Gimmee Jimmy's Cookies
- Company type: Private
- Founded: West Orange, New Jersey (1983)
- Founder: Jimmy Libman
- Headquarters: Hawthorne, New Jersey, U.S.
- Number of employees: 20
- Website: http://www.gjcookies.com

= Gimmee Jimmy's Cookies =

American cookie bakery

Gimmee Jimmy's Cookies was founded in 1983 in West Orange, New Jersey, United States, by Jimmy Libman. Born deaf, Libman overcame his "disability" to run the cookie company by himself for more than 20 years. To supplement his work, Libman hired other deaf workers, offering them a place to hone their skills, and showing everyone that being deaf is not a limitation on success.

==History==
Under Libman, Gimmee Jimmy's Cookies focused primarily on Christmas-season gift tins, serving individual and corporate customers. All production was accomplished in a small facility on South Valley Road in West Orange. Libman eventually sold the company to a group interested in expanding the Gimmee Jimmy's Cookies brand from gift tins to a full retail-store experience. This group then opened two retail stores, known as Gimmee Jimmy's Cookie Bars, in Montclair, New Jersey and Livingston, New Jersey, respectively. The Cookie Bars married Gimmee Jimmy's Cookies with coffee and desserts, including cupcakes and muffins. The economic downturn of 2008 forced the group which had purchased the company from Libman to go out of business.

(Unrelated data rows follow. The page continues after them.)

(* Let $q$ be a prime power, $m$ a positive integer, $n=q^m-1$, and $\delta$ an integer with $2\le\delta\le q^{\lceil m/2\rceil}+1$ (and $\delta\le n$). Then the primitive, narrow-sense BCH code $\mathcal{BCH}(n,q;\delta)$ over $\mathbf{F}_q$ has dimension $$k=q^m-1-m\left\lceil(\delta-1)(1-1/q)\right\rceil.$$
   Context: Let $\alpha$ be a primitive element of $\mathbf{F}_{q^m}$ and $n=q^m-1$; $C_x=\{xq^k\bmod n\mid k\in\mathbf{Z}\}$ is the $q$-ary cyclotomic coset of $x$ modulo $n$. For $2\le\delta\le n$, $\mathcal{BCH}(n,q;\delta)$ is the cyclic code of length $n$ over $\mathbf{F}_q$ with generator polynomial $\prod_{z\in Z}(x-\alpha^z)$, where $Z=C_1\cup\cdots\cup C_{\delta-1}$. *)

From HB Require Import structures.
From mathcomp Require Import all_boot all_order all_algebra all_field.
Set Implicit Arguments. Unset Strict Implicit. Unset Printing Implicit Defensive.
Import GRing.Theory.
Local Open Scope ring_scope.

Definition ceil_div (a b : nat) : nat := ((a + b.-1) %/ b)%N.

(* Z = C_1 U ... U C_{delta-1}, as the (duplicate-free) list of residues z < n
   with z = x * q^k mod n for some 1 <= x <= delta-1 and some k.
   Since q^m = 1 mod n, it suffices to take 0 <= k < m. *)
Definition bch_Z (q m n delta : nat) : seq nat :=
  [seq z <- iota 0 n |
     [exists x : 'I_delta, exists k : 'I_m,
        (0 < (x : nat))%N && (z == (x * q ^ k) %% n)%N]].

Definition bch_gen (L : fieldType) (alpha : L) (q m n delta : nat) : {poly L} :=
  \prod_(z <- bch_Z q m n delta) ('X - (alpha ^+ z)%:P).

Definition bch_word (F : finFieldType) (L : fieldExtType F) (alpha : L)
    (q m n delta : nat) (c : 'rV[F]_n) : bool :=
  bch_gen alpha q m n delta %| map_poly (GRing.in_alg L) (\sum_(i < n) (c 0 i)%:P * 'X^i).

Definition BCH (F : finFieldType) (L : fieldExtType F) (alpha : L)
    (q m n delta : nat) : {vspace 'rV[F]_n} :=
  <<[seq c <- enum [set: 'rV[F]_n] | @bch_word F L alpha q m n delta c]>>%VS.

(* Multiplication by q permutes Z modulo n, so the Frobenius map x |-> x ^+ q
   fixes the generator polynomial and its coefficients lie in F; the code is
   then the space of multiples of a polynomial of degree |Z| over F, whose
   dimension is n - |Z|.  Every x in [1, delta-1] is y q^e with q not dividing
   y, so Z is the union of the cosets C_y of these y.  Since
   delta - 1 <= q^(ceil(m/2)), a nontrivial cyclic shift of the base-q digits
   of such a y is either a multiple of q or at least q^(ceil(m/2)); hence the
   cosets are pairwise disjoint and of size m, and
   |Z| = m (delta-1 - floor((delta-1)/q)) = m ceil((delta-1)(1-1/q)). *)

From HB Require Import structures.
From mathcomp Require Import all_boot all_order all_algebra all_field.
From mathcomp Require Import zify.

Lemma modn_mul_expn (q m x : nat) : 0 < q -> x * q ^ m = x %[mod q ^ m - 1].
Proof.
move=> q_gt0; have {1}-> : q ^ m = (q ^ m - 1).+1 by rewrite subn1 prednK ?expn_gt0 ?q_gt0.
by rewrite mulnS addnC modnMDl.
Qed.

Lemma modn_mul_expn_mod (q m x k : nat) : 0 < q ->
  x * q ^ k = x * q ^ (k %% m) %[mod q ^ m - 1].
Proof.
move=> q_gt0; rewrite {1}(divn_eq k m); elim: (k %/ m) => [|t IHt] /=.
  by rewrite mul0n add0n.
by rewrite mulSn -addnA expnD mulnCA mulnC modn_mul_expn.
Qed.

Lemma modn_rotate (P Q a b : nat) : a < Q -> b < P -> b * Q + a < P * Q - 1 ->
  (b * Q + a) * P %% (P * Q - 1) = b + a * P.
Proof.
move=> aQ bP x_lt.
have small : b + a * P < P * Q - 1 by nia.
have -> : (b * Q + a) * P = b * (P * Q - 1) + (b + a * P) by nia.
by rewrite modnMDl modn_small.
Qed.

Lemma ceil_div_mul_subn1 (D q : nat) : 0 < q -> ceil_div (D * (q - 1)) q = D - D %/ q.
Proof. by rewrite /ceil_div => q_gt0; nia. Qed.

Lemma rotation_dvdn_or_ge {q m x j : nat} : 1 < q -> x < q ^ uphalf m ->
  ~~ (q %| x) -> x < q ^ m - 1 -> 0 < j < m ->
  (q %| x * q ^ j %% (q ^ m - 1)) || (q ^ uphalf m <= x * q ^ j %% (q ^ m - 1)).
Proof.
move=> q_gt1 x_small q_ndvd_x x_lt_n /andP[j_gt0 j_lt_m].
have h2 : (uphalf m).*2 <= m.+1 by rewrite -geq_uphalf_double.
have qX_gt0 k : 0 < q ^ k by rewrite expn_gt0 ltnW.
set r := m - j; have r_gt0 : 0 < r by rewrite subn_gt0.
have qm : q ^ m = q ^ j * q ^ r by rewrite -expnD subnKC // ltnW.
have b_lt : x %/ q ^ r < q ^ j by rewrite ltn_divLR // -qm; lia.
have a_lt : x %% q ^ r < q ^ r by rewrite ltn_mod.
move: x_small q_ndvd_x x_lt_n; rewrite (divn_eq x (q ^ r)) qm.
move: (x %/ q ^ r) (x %% q ^ r) b_lt a_lt => b a b_lt a_lt x_small q_ndvd_x x_lt_n.
rewrite modn_rotate //; have [-> | b_gt0] := posnP b.
  by rewrite add0n dvdn_mull // dvdn_exp.
have a_gt0 : 0 < a.
  rewrite lt0n; apply: contra q_ndvd_x => /eqP ->.
  by rewrite addn0 dvdn_mull // dvdn_exp.
have r_lt_h : r < uphalf m by rewrite -(ltn_exp2l _ _ q_gt1); nia.
have : q ^ uphalf m <= q ^ j by rewrite leq_exp2l // /r in r_lt_h *; lia.
by move=> ?; apply/orP; right; nia.
Qed.

Lemma expn_ndvdn_factor {q x : nat} : 1 < q -> 0 < x ->
  exists e y, x = y * q ^ e /\ ~~ (q %| y).
Proof.
move=> q_gt1; elim/ltn_ind: x => x IHx x_gt0.
have [q_dvd_x | q_ndvd_x] := boolP (q %| x); last by exists 0, x; rewrite expn0 muln1.
have xq_gt0 : 0 < x %/ q by rewrite divn_gt0 ?(ltnW q_gt1) // dvdn_leq.
have [e [y [xqE q_ndvd_y]]] := IHx _ (ltn_Pdiv q_gt1 x_gt0) xq_gt0.
by exists e.+1, y; rewrite expnSr mulnA -xqE divnK.
Qed.

Definition qfree_upto (q D : nat) : seq nat := [seq x <- iota 1 D | ~~ (q %| x)].

Lemma size_qfree_upto (q D : nat) : 0 < q -> size (qfree_upto q D) = D - D %/ q.
Proof.
move=> q_gt0; rewrite size_filter; elim: D => [|D IHD]; first by rewrite div0n.
rewrite -(addn1 D) iotaD count_cat IHD /= addn0 add1n addn1 (divnS _ q_gt0).
have D_ge : D %/ q <= D := leq_div D q.
by case: (q %| D.+1); rewrite /= ?add1n ?addn0 ?subSS // add0n addn1 subSn.
Qed.

Section CyclotomicCosets.

Variables q m delta : nat.
Hypotheses (q_gt1 : 1 < q) (m_gt0 : 0 < m).
Hypotheses (delta_small : delta <= q ^ uphalf m + 1) (delta_le_n : delta <= q ^ m - 1).

Local Notation n := (q ^ m - 1).
Local Notation Z := (bch_Z q m n delta).
Local Notation S := (qfree_upto q (delta - 1)).

Let q_gt0 : 0 < q. Proof. exact: ltnW. Qed.
Let n_gt0 : 0 < n. Proof. by rewrite subn_gt0 -{1}(expn0 q) ltn_exp2l. Qed.

Lemma uniq_bch_Z : uniq Z. Proof. by rewrite filter_uniq ?iota_uniq. Qed.

Lemma bch_Z_mulq_perm : perm_eq [seq z * q %% n | z <- Z] Z.
Proof.
have Z_lt_n z : z \in Z -> z < n by rewrite mem_filter mem_iota => /and3P[].
have mulq_inj : {in Z &, injective (fun z => z * q %% n)}.
  move=> z1 z2 Zz1 Zz2 /(congr1 (fun y => y * q ^ m.-1 %% n)) /=.
  rewrite !modnMml -!mulnA -!expnS prednK // !modn_mul_expn //.
  by rewrite !modn_small ?Z_lt_n.
have mulq_sub : {subset [seq z * q %% n | z <- Z] <= Z}.
  move=> _ /mapP[z + ->]; rewrite !mem_filter !mem_iota /= ltn_pmod // andbT.
  case/andP=> /existsP[x /existsP[k /andP[x_gt0 /eqP ->]]] _.
  apply/existsP; exists x; apply/existsP; exists (Ordinal (ltn_pmod k.+1 m_gt0)).
  by rewrite x_gt0 /= modnMml -mulnA -expnSr modn_mul_expn_mod.
have uniq_mulq : uniq [seq z * q %% n | z <- Z].
  by rewrite map_inj_in_uniq // uniq_bch_Z.
have [_ eq_mulq] := uniq_min_size uniq_mulq mulq_sub (eq_leq (esym (size_map _ _))).
by apply: uniq_perm; rewrite ?uniq_mulq ?uniq_bch_Z.
Qed.

Lemma qfree_upto_bounds {x} :
  x \in S -> [/\ 0 < x, x < delta, x < q ^ uphalf m & ~~ (q %| x)].
Proof.
rewrite mem_filter mem_iota => /andP[q_ndvd_x /andP[x_gt0 x_lt]].
have x_le : x <= q ^ uphalf m by lia.
split=> //; first by lia.
rewrite ltn_neqAle x_le andbT; apply: contraNneq q_ndvd_x => ->.
by rewrite dvdn_exp // uphalf_gt0.
Qed.

Lemma rotation_injective {x x' j j'} : x \in S -> x' \in S -> j < m -> j' < m ->
  x * q ^ j %% n = x' * q ^ j' %% n -> x = x' /\ j = j'.
Proof.
wlog le_j'j : x x' j j' / j' <= j.
  move=> IH Sx Sx' j_lt j'_lt E; have [le | /ltnW le] := leqP j' j; first exact: IH.
  by have [-> ->] := IH x' x j' j le Sx' Sx j'_lt j_lt (esym E).
move=> Sx Sx' j_lt j'_lt E.
have [_ x_lt x_small q_ndvd_x] := qfree_upto_bounds Sx.
have [_ x'_lt x'_small q_ndvd_x'] := qfree_upto_bounds Sx'.
have x_lt_n : x < n := leq_trans x_lt delta_le_n.
have x'_lt_n : x' < n := leq_trans x'_lt delta_le_n.
have xE : x = x' * q ^ (j' + (m - j)) %% n.
  have := congr1 (fun y => y * q ^ (m - j) %% n) E.
  by rewrite /= !modnMml -!mulnA -!expnD subnKC ?(ltnW j_lt) // modn_mul_expn // modn_small.
have [lt_m | ge_m] := ltnP (j' + (m - j)) m.
  have : 0 < j' + (m - j) < m by rewrite lt_m addn_gt0 subn_gt0 j_lt orbT.
  move/(rotation_dvdn_or_ge q_gt1 x'_small q_ndvd_x' x'_lt_n).
  by rewrite -xE (negbTE q_ndvd_x) leqNgt x_small.
have j_eq : j = j' by lia.
by move: xE; rewrite j_eq subnKC ?(ltnW j'_lt) // modn_mul_expn // modn_small.
Qed.

Lemma bch_Z_rotations : perm_eq Z [seq x * q ^ k %% n | x <- S, k <- iota 0 m].
Proof.
apply: uniq_perm; first exact: uniq_bch_Z.
  apply: allpairs_uniq; rewrite ?filter_uniq ?iota_uniq //.
  move=> _ _ /allpairsP[[x j] [/= Sx + ->]] /allpairsP[[x' j'] [/= Sx' + ->]].
  rewrite !mem_iota !add0n => /andP[_ j_lt] /andP[_ j'_lt] /= E.
  by have [-> ->] := rotation_injective Sx Sx' j_lt j'_lt E.
move=> z; rewrite mem_filter mem_iota /=; apply/idP/allpairsP.
- case/andP=> /existsP[x /existsP[k /andP[x_gt0 /eqP ->]]] _.
  have [e [y [xE q_ndvd_y]]] := expn_ndvdn_factor q_gt1 x_gt0.
  have y_le_x : y <= x by rewrite xE leq_pmulr ?expn_gt0 ?q_gt0.
  have y_gt0 : 0 < y by move: x_gt0; rewrite xE; case: (y).
  exists (y, (e + k) %% m); split => /=.
  + by rewrite mem_filter q_ndvd_y mem_iota y_gt0; have := ltn_ord x; lia.
  + by rewrite mem_iota ltn_pmod.
  + by rewrite xE -mulnA -expnD modn_mul_expn_mod.
- case=> [[x k] [/= Sx + ->]]; rewrite mem_iota add0n => /andP[_ k_lt].
  have [x_gt0 x_lt _ _] := qfree_upto_bounds Sx.
  rewrite ltn_pmod // andbT; apply/existsP; exists (Ordinal x_lt).
  by apply/existsP; exists (Ordinal k_lt); rewrite x_gt0 eqxx.
Qed.

Lemma size_bch_Z : size Z = m * ceil_div ((delta - 1) * (q - 1)) q.
Proof.
rewrite (perm_size bch_Z_rotations) size_allpairs size_iota size_qfree_upto //.
by rewrite ceil_div_mul_subn1 // mulnC.
Qed.

End CyclotomicCosets.

Import GRing.Theory.
Local Open Scope ring_scope.

Section FiniteFrobenius.

Variables (F : finFieldType) (L : fieldExtType F).

Definition frobenius_card (x : L) : L := x ^+ #|F|.

Lemma pchar_pnat_card : [pchar L].-nat #|F|.
Proof.
have [p p_pr pcharFp] := finPcharP F.
rewrite (card_pprimeChar pcharFp) pnatX orbC (eq_pnat _ (pchar_lalg L)).
by rewrite (eq_pnat _ (pcharf_eq pcharFp)) pnat_id ?orbT.
Qed.

Lemma frobenius_card_is_nmod_morphism : nmod_morphism frobenius_card.
Proof.
split=> [|x y]; rewrite /frobenius_card ?exprDn_pchar ?pchar_pnat_card //.
by rewrite expr0n gtn_eqF // ltnW // finNzRing_gt1.
Qed.

Lemma frobenius_card_is_monoid_morphism : monoid_morphism frobenius_card.
Proof. by split=> [|x y]; rewrite /frobenius_card ?expr1n ?exprMn. Qed.

HB.instance Definition _ := GRing.isNmodMorphism.Build L L frobenius_card
  frobenius_card_is_nmod_morphism.
HB.instance Definition _ := GRing.isMonoidMorphism.Build L L frobenius_card
  frobenius_card_is_monoid_morphism.

Lemma polyOver1_frobenius_fixed (p : {poly L}) :
  map_poly frobenius_card p = p -> p \is a polyOver 1%VS.
Proof.
move=> fix_p; apply/polyOverP => i.
by rewrite Fermat's_little_theorem dimv1 expn1 -{2}fix_p coef_map.
Qed.

Lemma prod_XsubC_expr_polyOver1 (alpha : L) (n : nat) (Z : seq nat) :
  alpha ^+ n = 1 -> perm_eq [seq z * #|F| %% n | z <- Z]%N Z ->
  \prod_(z <- Z) ('X - (alpha ^+ z)%:P) \is a polyOver 1%VS.
Proof.
move=> alpha_n permZ; apply: polyOver1_frobenius_fixed.
rewrite rmorph_prod -[RHS](perm_big _ permZ) big_map; apply: eq_bigr => z _.
by rewrite /= map_polyXsubC expr_mod // exprM.
Qed.

End FiniteFrobenius.

Lemma size_rVpoly {R : nzSemiRingType} {d : nat} (v : 'rV[R]_d) :
  (size (rVpoly v) <= d)%N.
Proof. exact: size_poly. Qed.

Section PolynomialMultiples.

Variables (F : finFieldType) (n : nat) (g : {poly F}).
Hypotheses (g_neq0 : g != 0) (size_g : (size g <= n.+1)%N).

Local Notation k := (n - (size g).-1)%N.

Definition mul_rVpoly (h : 'rV[F]_k) : 'rV[F]_n := poly_rV (g * rVpoly h).

Lemma mul_rVpoly_is_semilinear : semilinear mul_rVpoly.
Proof.
split=> [a u | u v]; rewrite /mul_rVpoly.
  by rewrite linearZ /= -scalerAr linearZ.
by rewrite linearD /= mulrDr linearD.
Qed.

HB.instance Definition _ := GRing.isSemilinear.Build F _ _ _ mul_rVpoly
  mul_rVpoly_is_semilinear.

Lemma size_mul_rVpoly (h : 'rV[F]_k) : (size (g * rVpoly h)%R <= n)%N.
Proof.
apply: leq_trans (size_polyMleq _ _) _.
have := size_rVpoly h; lia.
Qed.

Lemma multiples_span_eq :
  <<[seq c <- enum [set: 'rV[F]_n] | g %| rVpoly c]>>%VS = (linfun mul_rVpoly @: fullv)%VS.
Proof.
apply/eqP; rewrite eqEsubv; apply/andP; split.
- apply/span_subvP => c; rewrite mem_filter => /andP[g_dvd_c _].
  apply/memv_imgP; exists (poly_rV (rVpoly c %/ g)); first exact: memvf.
  rewrite lfunE /= /mul_rVpoly poly_rV_K; first by rewrite mulrC divpK // rVpolyK.
  rewrite size_divp // -subn1 leq_subLR subnKC; first exact: size_rVpoly.
  by rewrite leq_subLR add1n.
- apply/subvP => _ /memv_imgP[h _ ->]; apply: memv_span.
  by rewrite mem_filter mem_enum in_setT andbT lfunE /= /mul_rVpoly poly_rV_K ?size_mul_rVpoly // dvdp_mulIl.
Qed.

Lemma dim_multiples :
  \dim <<[seq c <- enum [set: 'rV[F]_n] | g %| rVpoly c]>> = k.
Proof.
have inj : lker (linfun mul_rVpoly) == 0%VS.
  apply/lker0P => u v; rewrite !lfunE /= /mul_rVpoly => /(congr1 rVpoly).
  by rewrite !poly_rV_K ?size_mul_rVpoly // => /(mulfI g_neq0)/(can_inj rVpolyK).
rewrite multiples_span_eq limg_dim_eq; last by rewrite (eqP inj) capv0.
by rewrite dimvf dim_matrix mul1r.
Qed.

End PolynomialMultiples.

Lemma bch_word_dvdp {F : finFieldType} {L : fieldExtType F} {alpha : L}
    {q m n delta : nat} {g0 : {poly F}} :
  bch_gen alpha q m n delta = map_poly (in_alg L) g0 ->
  @bch_word F L alpha q m n delta =1 (fun c => g0 %| rVpoly c).
Proof.
move=> gE c; rewrite /bch_word gE dvdp_map /rVpoly poly_def.
by congr (_ %| _); apply: eq_bigr => i _; rewrite valK mul_polyC.
Qed.

Theorem mainTheorem6 (F : finFieldType) (L : fieldExtType F) (q m : nat)
  (alpha : L) (delta : nat) :
  #|F| = q ->
  (0 < m)%N ->
  \dim {: L} = m ->
  (q ^ m - 1).-primitive_root alpha ->
  (2 <= delta)%N ->
  (delta <= q ^ uphalf m + 1)%N ->
  (delta <= q ^ m - 1)%N ->
  \dim (BCH alpha q m (q ^ m - 1) delta)
    = (q ^ m - 1 - m * ceil_div ((delta - 1) * (q - 1)) q)%N.
Proof.
move=> cardF m_gt0 _ prim _ delta_small delta_le_n.
have q_gt1 : (1 < q)%N by rewrite -cardF finNzRing_gt1.
set Z := bch_Z q m (q ^ m - 1) delta.
have /polyOver1P[g0 gE] : bch_gen alpha q m (q ^ m - 1) delta \is a polyOver 1%VS.
  apply: prod_XsubC_expr_polyOver1 (prim_expr_order prim) _.
  by rewrite cardF; exact: bch_Z_mulq_perm.
have size_g0 : size g0 = (size Z).+1.
  by rewrite -(size_map_poly (in_alg L)) -gE size_prod_XsubC.
have size_Z_le : (size Z <= q ^ m - 1)%N.
  by rewrite size_filter (leq_trans (count_size _ _)) ?size_iota.
rewrite /BCH (eq_filter (bch_word_dvdp gE)) dim_multiples ?size_g0 //=.
  by rewrite size_bch_Z.
by rewrite -size_poly_gt0 size_g0.
Qed.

In 2009, Gimmee Jimmy's Cookies was revived when it was purchased by a group based in Sarasota, Florida, which intends to grow Gimmee Jimmy's Cookies into a nationally recognized brand. The following steps have been and are being taken to improve the business:
- The original recipes first used by Mr. Libman in 1983 are being revived for use today.
- The under-performing retail stores were shuttered.

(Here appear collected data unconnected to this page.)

Lemma nbhdP (B S : {set T}) y :
  reflect (y \in B /\ exists2 x, x \in S & r x y) (y \in nbhd B S).
Proof.
rewrite inE; apply: (iffP andP) => [[yB /existsP[x /andP[xS rxy]]]|[yB [x xS rxy]]].
  by split=> //; exists x.
by split=> //; apply/existsP; exists x; rewrite xS.
Qed.

Lemma nbhdS (B S1 S2 : {set T}) : S1 \subset S2 -> nbhd B S1 \subset nbhd B S2.
Proof.
move=> /subsetP S12; apply/subsetP=> y /nbhdP[yB [x /S12 xS rxy]].
by apply/nbhdP; split=> //; exists x.
Qed.

Lemma nbhdU (B S1 S2 : {set T}) : nbhd B (S1 :|: S2) = nbhd B S1 :|: nbhd B S2.
Proof.
apply/setP=> y; rewrite !inE -andb_orr; congr (_ && _).
apply/existsP/orP=> [[x /andP[]]|[]/existsP[x /andP[xS rxy]]].
- by rewrite inE => /orP[] xS rxy; [left | right]; apply/existsP; exists x; rewrite xS.
- by exists x; rewrite inE xS.
- by exists x; rewrite inE xS orbT.
Qed.

Definition matching_fun (A B : {set T}) (g : T -> T) : Prop :=
  {in A, forall x, g x \in B /\ r x (g x)} /\ {in A &, injective g}.

Definition matchable (A B : {set T}) : Prop := exists g, matching_fun A B g.

Definition hall_condition (A B : {set T}) : Prop :=
  forall S : {set T}, S \subset A -> #|S| <= #|nbhd B S|.
(* For every $\theta,\bar\theta\in\mathbb R^m$ there exists a stochastic policy $\mu_{\theta,\bar\theta}$ such that \[ T_\alpha(\theta)-T_\alpha(\bar\theta)=A_{\mu_{\theta,\bar\theta}}(\theta-\bar\theta). \] In particular, suppose $\theta^\star$ is a projected Bellman fixed point, $\theta_{k+1}=T_\alpha(\theta_k)$, and $x_k:=\theta_k-\theta^\star$. Then $x_{k+1}=A_{\mu_k}x_k$ for all $k\ge0$, where each $\mu_k$ is a stochastic policy depending measurably on $(\theta_k,\theta^\star)$.
   Context: Consider a finite discounted MDP with state space $\mathcal S=\{1,\dots,|\mathcal S|\}$, action space $\mathcal A=\{1,\dots,|\mathcal A|\}$, transition probabilities $P(s'\mid s,a)$, expected reward $R(s,a)$, and discount factor $\gamma\in(0,1)$. State-action vectors are ordered as $(1,1),(2,1),\dots,(|\mathcal S|,1),(1,2),\dots$. The matrix $P\in\mathbb R^{|\mathcal S||\mathcal A|\times|\mathcal S|}$ has rows $P(\cdot\mid s,a)$, and $R$ has entries $R(s,a)$. A stochastic policy is a map $\mu:\mathcal S\to\Delta_{|\mathcal A|}$, where $\Delta_{|\mathcal A|}$ is the probability simplex. The matrix $\Pi^\mu\in\mathbb R^{|\mathcal S|\times|\mathcal S||\mathcal A|}$ has entry $\mu(a\mid s)$ in row $s$, column $(s,a)$, and zeros elsewhere. The feature matrix $\Phi\in\mathbb R^{|\mathcal S||\mathcal A|\times m}$ has full column rank and rows $\phi(s,a)^\top$. Define $V_\theta(s):=\max_a\phi(s,a)^\top\theta$. The distribution $d$ on $\mathcal S\times\mathcal A$ satisfies $d>0$ everywhere, and $D=\mathrm{diag}(d)$. The step size is $\alpha\in(0,1)$. Define $g(\theta):=\Phi^\top D(R+\gamma PV_\theta-\Phi\theta)$ and $T_\alpha(\theta):=\theta+\alpha g(\theta)$. A projected Bellman fixed point is a $\theta^\star$ with $g(\theta^\star)=0$. For a stochastic policy $\mu$, define $A_\mu:=I-\alpha\Phi^\top D\Phi+\alpha\gamma\Phi^\top DP\Pi^\mu\Phi$. *)

From HB Require Import structures.
From mathcomp Require Import all_boot all_order all_algebra.
From mathcomp Require Import all_classical all_reals all_analysis.
Set Implicit Arguments. Unset Strict Implicit. Unset Printing Implicit Defensive.
Import Order.TTheory GRing.Theory Num.Theory.
Import numFieldNormedType.Exports.
Local Open Scope classical_set_scope.
Local Open Scope ring_scope.

(* State-action pairs are indexed by 'I_(nA * nS) with
   (s,a) |-> a * nS + s  (= mxvec_index a s), i.e. the ordering
   (1,1),(2,1),...,(|S|,1),(1,2),... of the paper. *)
Definition sa_idx (nS nA : nat) (s : 'I_nS) (a : 'I_nA) : 'I_(nA * nS) :=
  mxvec_index a s.

Section MDP.
Variables (R : realType) (nS nA m : nat).

Definition row_stochastic (k l : nat) (M : 'M[R]_(k, l)) : Prop :=
  (forall i j, 0 <= M i j) /\ (forall i, \sum_j M i j = 1).

(* stochastic policy mu : S -> Delta_{|A|}, stored as mu s a = mu(a|s) *)
Definition is_policy (mu : 'M[R]_(nS, nA)) : Prop := row_stochastic mu.

(* Pi^mu : |S| x |S||A|, entry mu(a|s) at row s, column (s,a), 0 elsewhere *)
Definition Pi_mat (mu : 'M[R]_(nS, nA)) : 'M[R]_(nS, nA * nS) :=
  \matrix_(s, j) \sum_(a < nA) (j == sa_idx s a)%:R * mu s a.

(* maximum of a finite family (the head default is only used when nA = 0) *)
Definition fmax (f : 'I_nA -> R) : R :=
  \big[Num.max/head 0 (map f (enum 'I_nA))]_(a < nA) f a.

Definition Vtheta (Phi : 'M[R]_(nA * nS, m)) (theta : 'cV[R]_m) : 'cV[R]_nS :=
  \col_s fmax (fun a => (Phi *m theta) (sa_idx s a) 0).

In 2014, Gimmee Jimmy's Cookies moved online, opening a large bakery in Inwood, New York, near John F. Kennedy International Airport, to facilitate faster shipping. Headed by Freeman Lewin, Gimmee Jimmy's Cookies has returned to its routes of gift tins and corporate gifts and technology enabling large corporations to order en-masse. Since 2014, Gimmee Jimmy's Cookies has been featured in Inc, Business Weekly, and Inquirer, and on BuzzFeed.

To re-claim the do-good nature of the company from its founding, the new owners formed the Gimmee Jimmy's Children's Foundation, to steer a portion of company proceeds to cheering children who are hospitalized with pediatric diseases. In addition to the Gimmee Jimmy's Children's Foundation, the company is heavily involved in fundraising opportunities for schools, places of worship, and other non-profits.

Gimmee Jimmy's Cookies are certified under the OK Kosher Certification and the Volover Rav; Gimmee Jimmy's is pas Yisroel, and cholov Yisroel if dairy is used.